Adding NEF preview to Linux Mint file manager Nemo

Nikon Logo

If you want to be able to preview NEF (Nikon raw) images in Linux Mint’s file manager Nemo, you need to do the following:

  1. Open Preferences window for Nemo file manager from Edit -> Preferences menu
  2. Switch to Preview tab within the Preferences window
  3. Set “Show Thumbnails” to Always if you want to show thumbnails on remote drives
  4. Set “Only for files smaller than” to 100 MB
  5. Install the following packages from Software Manager UI:
    • gnome-raw-thumbnailer
    • libopenraw1
    • libopenrawgnome1

Note: Browsing remote/network directories will be sloooooooow if you enable thumbnails for remote drives.

Reconnecting a bluetooth mouse in Linux Mint upon reboot

Logitech Ultrathin Mouse

I use a bluetooth mouse with my laptop (never could understand manufacturers pushing their proprietary USB wireless peripherals – why take up a USB port when all laptops have bluetooth built-in). When I installed Linux Mint (version 17.3) it has connected to my mouse just fine and I was able to use it with no issues. However the OS would never reconnect with the mouse upon reboot which is a hassle – you have to remove/add the device every time. Clearly not the way to go.

This is what I’ve done to get the OS remember the mouse and it’s settings.
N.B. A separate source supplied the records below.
(* Let $n\in\mathbb{N}=\{1,2,\dots\}$. Then, with $t_1<\dots<t_n$ the zeros of $H_n$, $$\|h_n\|_1=\int_{-\infty}^\infty|h_n(t)|\,dt=\frac1n\sum_{m=1}^n(-1)^{m+n}h_{n-1}(t_m);$$ with $t_1<\dots<t_{2n+1}$ the zeros of $H_{2n+1}$, $$\int_{-\infty}^\infty\frac{t^{2n}}{(2n)!}|h_{2n+1}(t)|\,dt=\frac{1}{(2n+1)!}\sum_{m=1}^{2n+1}(-1)^{m+1}\sum_{k=0}^{2n}\frac{1}{2^k}t_m^{2n-k}h_{2n-k}(t_m);$$ and with $t_1<\dots<t_{2n}$ the zeros of $H_{2n}$, $$\int_{-\infty}^\infty\frac{|t|^{2n-1}}{(2n-1)!}|h_{2n}(t)|\,dt=\frac{1}{(2n)!}\sum_{m=1}^{n}(-1)^{m+1}\sum_{k=0}^{2n-1}\frac{1}{2^k}t_m^{2n-1-k}h_{2n-1-k}(t_m)+\frac{(-1)^n}{(2n)!\,2^{2n-1}\sqrt{\pi}}+\frac{1}{(2n)!}\sum_{m=n+1}^{2n}(-1)^{m}\sum_{k=0}^{2n-1}\frac{1}{2^k}t_m^{2n-1-k}h_{2n-1-k}(t_m).$$
   Context: $H_n$ denotes the $n$-th Hermite polynomial ($H_n(t)=(-1)^ne^{t^2}\frac{d^n}{dt^n}e^{-t^2}$), and the Hermite functions are $h_n(t)=\frac{1}{2^nn!\sqrt{\pi}}e^{-t^2}H_n(t)$, $t\in\mathbb{R}$. *)

From Stdlib Require Import Reals Arith.
From Coquelicot Require Import Coquelicot.
Open Scope R_scope.

Definition hermiteH (n : nat) (t : R) : R :=
  (-1) ^ n * exp (t ^ 2) * Derive_n (fun x => exp (- x ^ 2)) n t.

Definition hermite_fun (n : nat) (t : R) : R :=
  / (2 ^ n * INR (fact n) * sqrt PI) * exp (- t ^ 2) * hermiteH n t.

Definition zeros_enum (f : R -> R) (N : nat) (t : nat -> R) : Prop :=
  (forall i j : nat, (1 <= i)%nat -> (i < j)%nat -> (j <= N)%nat -> t i < t j) /\
  (forall x : R, f x = 0 <-> exists m : nat, (1 <= m <= N)%nat /\ x = t m).

Definition is_integral_R (f : R -> R) (v : R) : Prop :=
  is_RInt_gen f (Rbar_locally m_infty) (Rbar_locally p_infty) v.

From Stdlib Require Import Reals Arith Lra Lia Psatz.
From Coquelicot Require Import Coquelicot.
Open Scope R_scope.

(* Between consecutive zeros of H_N the sign of h_N is (-1)^(N-j): the zeros are simple,
   because H_N' = 2N H_(N-1) and consecutive Hermite polynomials have no common zero.
   Each integrand is therefore (-1)^(N-j) g on the j-th interval, where g has a
   primitive G vanishing at +-oo: G = -h_(n-1)/(2n) for h_n, by h_q' = -2(q+1) h_(q+1),
   and for the moments the sum over k of x^(M-k) h_(M-k) / 2^k.  Adding up the pieces
   gives -2 sum_j (-1)^(N-j) G(t_j).  For |t|^(2n-1) |h_(2n)| the point 0, which lies
   between t_n and t_(n+1) because the zeros are symmetric, is added as an extra node:
   there |t|^(2n-1) changes sign while h_(2n) does not. *)

(* Coquelicot states equalities at the types of its algebraic structures, where
   [ring] and [field] do not recognise [R]. *)
Ltac as_R_eq := match goal with |- @eq _ ?a ?b => change (@eq R a b) end.

Lemma nat_ind2 (P : nat -> Prop) :
  P 0%nat -> P 1%nat -> (forall n, P n -> P (S n) -> P (S (S n))) -> forall n, P n.
Proof.
  intros H0 H1 HS n. enough (P n /\ P (S n)) by tauto.
  induction n as [|n [IHn IHSn]]; auto.
Qed.

Lemma pow_m1_S m : (-1) ^ S m = - (-1) ^ m.
Proof. simpl; ring. Qed.

Lemma pow_m1_add_even a b : (-1) ^ (a + 2 * b) = (-1) ^ a.
Proof. rewrite pow_add, pow_1_even. ring. Qed.

Lemma pow_m1_sub n j : (j <= n)%nat -> (-1) ^ (n - j) = (-1) ^ (j + n).
Proof.
  intro H. replace (j + n)%nat with ((n - j) + 2 * j)%nat by lia.
  symmetry; apply pow_m1_add_even.
Qed.

Lemma sum_n_m_Rmult_l c (a : nat -> R) n m :
  sum_n_m (fun k => c * a k) n m = c * sum_n_m a n m.
Proof. apply (sum_n_m_mult_l (K := R_Ring)). Qed.

(** * Hermite polynomials and functions *)

Fixpoint hermite_rec (n : nat) (x : R) : R :=
  match n with
  | O => 1
  | S k => match k with
           | O => 2 * x
           | S j => 2 * x * hermite_rec k x - 2 * INR k * hermite_rec j x
           end
  end.

Lemma hermite_rec_0 x : hermite_rec 0 x = 1.
Proof. reflexivity. Qed.

Lemma hermite_rec_1 x : hermite_rec 1 x = 2 * x.
Proof. reflexivity. Qed.

Lemma hermite_rec_SS n x :
  hermite_rec (S (S n)) x = 2 * x * hermite_rec (S n) x - 2 * INR (S n) * hermite_rec n x.
Proof. reflexivity. Qed.

Lemma is_derive_hermite_rec n (x : R) :
  is_derive (hermite_rec (S n)) x (2 * INR (S n) * hermite_rec n x).
Proof.
  revert x; induction n using nat_ind2; intro x.
  - apply (is_derive_ext (fun y => 2 * y)); [reflexivity|].
    auto_derive; [easy|]. rewrite hermite_rec_0; simpl; ring.
  - apply (is_derive_ext (fun y => 2 * y * (2 * y) - 2 * 1 * 1)); [reflexivity|].
    auto_derive; [easy|]. rewrite hermite_rec_1; simpl; ring.
  - apply (is_derive_ext (fun y => 2 * (y * hermite_rec (S (S n)) y)
                                   - 2 * INR (S (S n)) * hermite_rec (S n) y)).
    { intro y; as_R_eq; rewrite (hermite_rec_SS (S n)); ring. }
    replace (2 * INR (S (S (S n))) * hermite_rec (S (S n)) x)
      with (2 * (1 * hermite_rec (S (S n)) x + x * (2 * INR (S (S n)) * hermite_rec (S n) x))
            - 2 * INR (S (S n)) * (2 * INR (S n) * hermite_rec n x))
      by (rewrite !hermite_rec_SS, !S_INR; ring).
    apply (is_derive_minus (K := R_AbsRing) (fun y => 2 * (y * hermite_rec (S (S n)) y)));
      apply is_derive_scal; auto.
    apply (is_derive_mult (K := R_AbsRing) (fun y => y)); auto using is_derive_id, Rmult_comm.
Qed.

Lemma is_derive_gauss_hermite_rec n (x : R) :
  is_derive (fun y => exp (- y ^ 2) * hermite_rec n y) x
    (- (exp (- x ^ 2) * hermite_rec (S n) x)).
Proof.
  destruct n as [|n].
  - apply (is_derive_ext (fun y => exp (- y ^ 2))).
    { intro y; rewrite hermite_rec_0; as_R_eq; ring. }
    auto_derive; [easy|]. rewrite hermite_rec_1; simpl; ring.
  - replace (- (exp (- x ^ 2) * hermite_rec (S (S n)) x))
      with (-2 * x * exp (- x ^ 2) * hermite_rec (S n) x
            + exp (- x ^ 2) * (2 * INR (S n) * hermite_rec n x))
      by (rewrite hermite_rec_SS; ring).
    apply (is_derive_mult (K := R_AbsRing) (fun y => exp (- y ^ 2)));
      auto using is_derive_hermite_rec, Rmult_comm.
    auto_derive; [easy|]. simpl; ring.
Qed.

Lemma Derive_n_gauss n x :
  Derive_n (fun y => exp (- y ^ 2)) n x = (-1) ^ n * (exp (- x ^ 2) * hermite_rec n x).
Proof.
  revert x; induction n as [|n IH]; intro x.
  - rewrite hermite_rec_0; simpl; ring.
  - simpl Derive_n. rewrite (Derive_ext _ _ _ IH).
    apply is_derive_unique.
    replace ((-1) ^ S n * (exp (- x ^ 2) * hermite_rec (S n) x))
      with ((-1) ^ n * (- (exp (- x ^ 2) * hermite_rec (S n) x))) by (simpl; ring).
    apply is_derive_scal, is_derive_gauss_hermite_rec.
Qed.

Lemma hermiteH_rec n t : hermiteH n t = hermite_rec n t.
Proof.
  unfold hermiteH. rewrite Derive_n_gauss.
  replace ((-1) ^ n * exp (t ^ 2) * ((-1) ^ n * (exp (- t ^ 2) * hermite_rec n t)))
    with (((-1) * (-1)) ^ n * exp (t ^ 2 + - t ^ 2) * hermite_rec n t)
    by (rewrite Rpow_mult_distr, exp_plus; ring).
  replace ((-1) * (-1)) with 1 by ring. replace (t ^ 2 + - t ^ 2) with 0 by ring.
  rewrite pow1, exp_0; ring.
Qed.

Definition hermite_norm (n : nat) : R := / (2 ^ n * INR (fact n) * sqrt PI).

Lemma sqrt_PI_gt0 : 0 < sqrt PI.
Proof. apply sqrt_lt_R0, PI_RGT_0. Qed.

Lemma hermite_norm_gt0 n : 0 < hermite_norm n.
Proof.
  apply Rinv_0_lt_compat, Rmult_lt_0_compat; [apply Rmult_lt_0_compat|].
  - apply pow_lt; lra.
  - apply lt_0_INR, lt_O_fact.
  - apply sqrt_PI_gt0.
Qed.

Lemma hermite_norm_S q : hermite_norm q = 2 * INR (S q) * hermite_norm (S q).
Proof.
  unfold hermite_norm. rewrite fact_simpl, mult_INR. simpl pow.
  pose proof sqrt_PI_gt0. pose proof (INR_fact_neq_0 q). pose proof (pow_lt 2 q ltac:(lra)).
  assert (INR (S q) <> 0) by (apply not_0_INR; lia).
  field. repeat split; lra.
Qed.

Lemma hermite_fun_rec n t :
  hermite_fun n t = hermite_norm n * (exp (- t ^ 2) * hermite_rec n t).
Proof. unfold hermite_fun, hermite_norm. rewrite hermiteH_rec. ring. Qed.

Lemma is_derive_hermite_fun q (x : R) :
  is_derive (hermite_fun q) x (-2 * INR (S q) * hermite_fun (S q) x).
Proof.
  apply (is_derive_ext (fun y => hermite_norm q * (exp (- y ^ 2) * hermite_rec q y))).
  { intro y; rewrite hermite_fun_rec; reflexivity. }
  replace (-2 * INR (S q) * hermite_fun (S q) x)
    with (hermite_norm q * - (exp (- x ^ 2) * hermite_rec (S q) x))
    by (rewrite hermite_fun_rec, hermite_norm_S; ring).
  apply is_derive_scal, is_derive_gauss_hermite_rec.
Qed.

Lemma continuous_hermite_fun q x : continuous (hermite_fun q) x.
Proof. apply (ex_derive_continuous (hermite_fun q)). eexists; apply is_derive_hermite_fun. Qed.

Lemma hermite_rec_no_common_zero n t : hermite_rec (S n) t = 0 -> hermite_rec n t <> 0.
Proof.
  revert t; induction n as [|n IH]; intros t H1 H0.
  - rewrite hermite_rec_0 in H0; lra.
  - apply (IH t H0). rewrite hermite_rec_SS, H0 in H1.
    assert (INR (S n) > 0) by (apply lt_0_INR; lia). nra.
Qed.

Lemma hermite_rec_ge1 k x : INR k + 1 <= x -> 1 <= hermite_rec k x <= hermite_rec (S k) x.
Proof.
  revert x; induction k as [|k IH]; intros x Hx.
  - rewrite hermite_rec_0, hermite_rec_1. simpl in Hx. lra.
  - rewrite S_INR in Hx. destruct (IH x) as [H1 H2]; [lra|].
    rewrite hermite_rec_SS, S_INR.
    assert (0 <= INR k) by apply pos_INR. split; nra.
Qed.

Lemma hermite_rec_opp n x : hermite_rec n (- x) = (-1) ^ n * hermite_rec n x.
Proof.
  induction n as [| |n IHn IHSn] using nat_ind2.
  - rewrite !hermite_rec_0; ring.
  - rewrite !hermite_rec_1; ring.
  - rewrite !hermite_rec_SS, IHn, IHSn. simpl; ring.
Qed.

Lemma Rabs_le_1_plus_sqr x : Rabs x <= 1 + x ^ 2.
Proof. destruct (Rle_dec 0 x); [rewrite Rabs_right | rewrite Rabs_left]; nra. Qed.

Lemma hermite_rec_bound n :
  exists C, 0 <= C /\ forall x, Rabs (hermite_rec n x) <= C * (1 + x ^ 2) ^ n.
Proof.
  induction n as [| |n [C0 [HC0 H0]] [C1 [HC1 H1]]] using nat_ind2.
  - exists 1. split; [lra|]. intro x. rewrite hermite_rec_0, Rabs_R1. simpl; lra.
  - exists 2. split; [lra|]. intro x. rewrite hermite_rec_1, Rabs_mult, Rabs_right by lra.
    pose proof (Rabs_le_1_plus_sqr x). simpl; lra.
  - assert (HN : 0 <= INR (S n)) by apply pos_INR.
    exists (2 * C1 + 2 * INR (S n) * C0). split; [nra|]. intro x.
    set (y := 1 + x ^ 2). assert (Hy : 1 <= y) by (unfold y; nra).
    assert (Hx : Rabs x <= y) by apply Rabs_le_1_plus_sqr.
    specialize (H0 x). specialize (H1 x). fold y in H0, H1.
    assert (A1 : Rabs x * Rabs (hermite_rec (S n) x) <= y * (C1 * y ^ S n))
      by (apply Rmult_le_compat; auto using Rabs_pos).
    assert (A2 : Rabs (hermite_rec n x) <= C0 * y ^ S (S n)).
    { eapply Rle_trans; [apply H0|]. apply Rmult_le_compat_l; auto. apply Rle_pow; auto. }
    rewrite hermite_rec_SS. eapply Rle_trans; [apply Rabs_triang|].
    rewrite Rabs_Ropp, !Rabs_mult, (Rabs_right 2), (Rabs_right (INR (S n))) by lra.
    replace (y ^ S (S n)) with (y * y ^ S n) in * by (simpl; ring).
    nra.
Qed.

(** * Gaussian decay *)

Lemma pow_div_fact_le_exp n x : 0 <= x -> x ^ n / INR (fact n) <= exp x.
Proof.
  intro Hx. eapply Rle_trans; [|apply (exp_ge_taylor x n Hx)].
  destruct n as [|n]; [simpl; lra|]. rewrite tech5.
  enough (0 <= sum_f_R0 (fun k => x ^ k / INR (fact k)) n) by lra.
  apply cond_pos_sum. intro k. apply Rdiv_le_0_compat; [apply pow_le; lra|].
  apply lt_0_INR, lt_O_fact.
Qed.

Lemma poly_gauss_le K x :
  (1 + x ^ 2) ^ K * exp (- x ^ 2) <= exp 1 * INR (fact (S K)) / (1 + x ^ 2).
Proof.
  set (y := 1 + x ^ 2). assert (Hy : 1 <= y) by (unfold y; nra).
  replace (- x ^ 2) with (1 + - y) by (unfold y; ring). rewrite exp_plus, exp_Ropp.
  pose proof (pow_div_fact_le_exp (S K) y ltac:(lra)) as He.
  pose proof (lt_0_INR _ (lt_O_fact (S K))) as Hf.
  pose proof (exp_pos y). pose proof (exp_pos 1).
  apply (Rmult_le_reg_r (y * exp y / exp 1 / INR (fact (S K)))).
  { repeat apply Rdiv_lt_0_compat; nra. }
  replace (y ^ K * (exp 1 * / exp y) * (y * exp y / exp 1 / INR (fact (S K))))
    with (y ^ S K / INR (fact (S K))) by (rewrite <- tech_pow_Rmult; field; repeat split; lra).
  replace (exp 1 * INR (fact (S K)) / y * (y * exp y / exp 1 / INR (fact (S K))))
    with (exp y) by (field; repeat split; lra).
  exact He.
Qed.

Definition gauss_dominated (G : R -> R) : Prop :=
  exists C K, 0 <= C /\ forall x, Rabs (G x) <= C * (1 + x ^ 2) ^ K * exp (- x ^ 2).

Lemma gauss_dominated_lim G : gauss_dominated G ->
  filterlim G (Rbar_locally m_infty) (locally 0) /\ filterlim G (Rbar_locally p_infty) (locally 0).
Proof.
  intros [C [K [HC HG]]].
  set (B := C * (exp 1 * INR (fact (S K)))).
  assert (HB : 0 <= B).
  { apply Rmult_le_pos; auto. pose proof (exp_pos 1).
    pose proof (lt_0_INR _ (lt_O_fact (S K))). nra. }
  assert (Hsmall : forall eps : posreal, forall x, B / eps + 1 <= Rabs x -> ball 0 eps (G x)).
  { intros eps x Hx. pose proof (cond_pos eps).
    assert (Hx2 : B / eps < x ^ 2) by (rewrite <- (pow2_abs x); nra).
    assert (HB2 : B < eps * x ^ 2).
    { replace B with (eps * (B / eps)) at 1 by (field; lra). apply Rmult_lt_compat_l; lra. }
    change (Rabs (G x - 0) < eps). rewrite Rminus_0_r.
    eapply Rle_lt_trans; [apply HG|]. rewrite Rmult_assoc.
    eapply Rle_lt_trans; [apply Rmult_le_compat_l, poly_gauss_le; auto|].
    replace (C * (exp 1 * INR (fact (S K)) / (1 + x ^ 2))) with (B / (1 + x ^ 2))
      by (unfold B, Rdiv; ring).
    apply (Rmult_lt_reg_r (1 + x ^ 2)); [nra|].
    unfold Rdiv. rewrite Rmult_assoc, Rinv_l by nra. nra. }
  split; apply filterlim_locally; intro eps; pose proof (cond_pos eps);
    assert (0 <= B / eps) by (apply Rdiv_le_0_compat; lra).
  - exists (- (B / eps + 1)). intros x Hx. apply Hsmall. rewrite Rabs_left; lra.
  - exists (B / eps + 1). intros x Hx. apply Hsmall. rewrite Rabs_right; lra.
Qed.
  1. Put your mouse in a discoverable state (there is usually a button on the mouse somewhere for this)
  2. Open terminal and run the following command that should give you a MAC address for your mouse:
    hcitool scan
  3. Once you’ve obtained your mouse MAC address (should look like XX:XX:XX:XX:XX:XX), run the following in terminal:
    bluez-simple-agent hci0 XX:XX:XX:XX:XX:XX
    bluez-test-device trusted XX:XX:XX:XX:XX:XX yes
    bluez-test-input connect XX:XX:XX:XX:XX:XX

Now you should be good to go.

SSD drives and Linux

Sandisk SSD

Here is what I’ve done on my laptop to ensure better longevity of my shiny new SSD. The idea is to minimize write unnecessary write actions on the drive to prolong it’s life. For this I’ve followed few different sources, with one of them being the most specific and prescriptive.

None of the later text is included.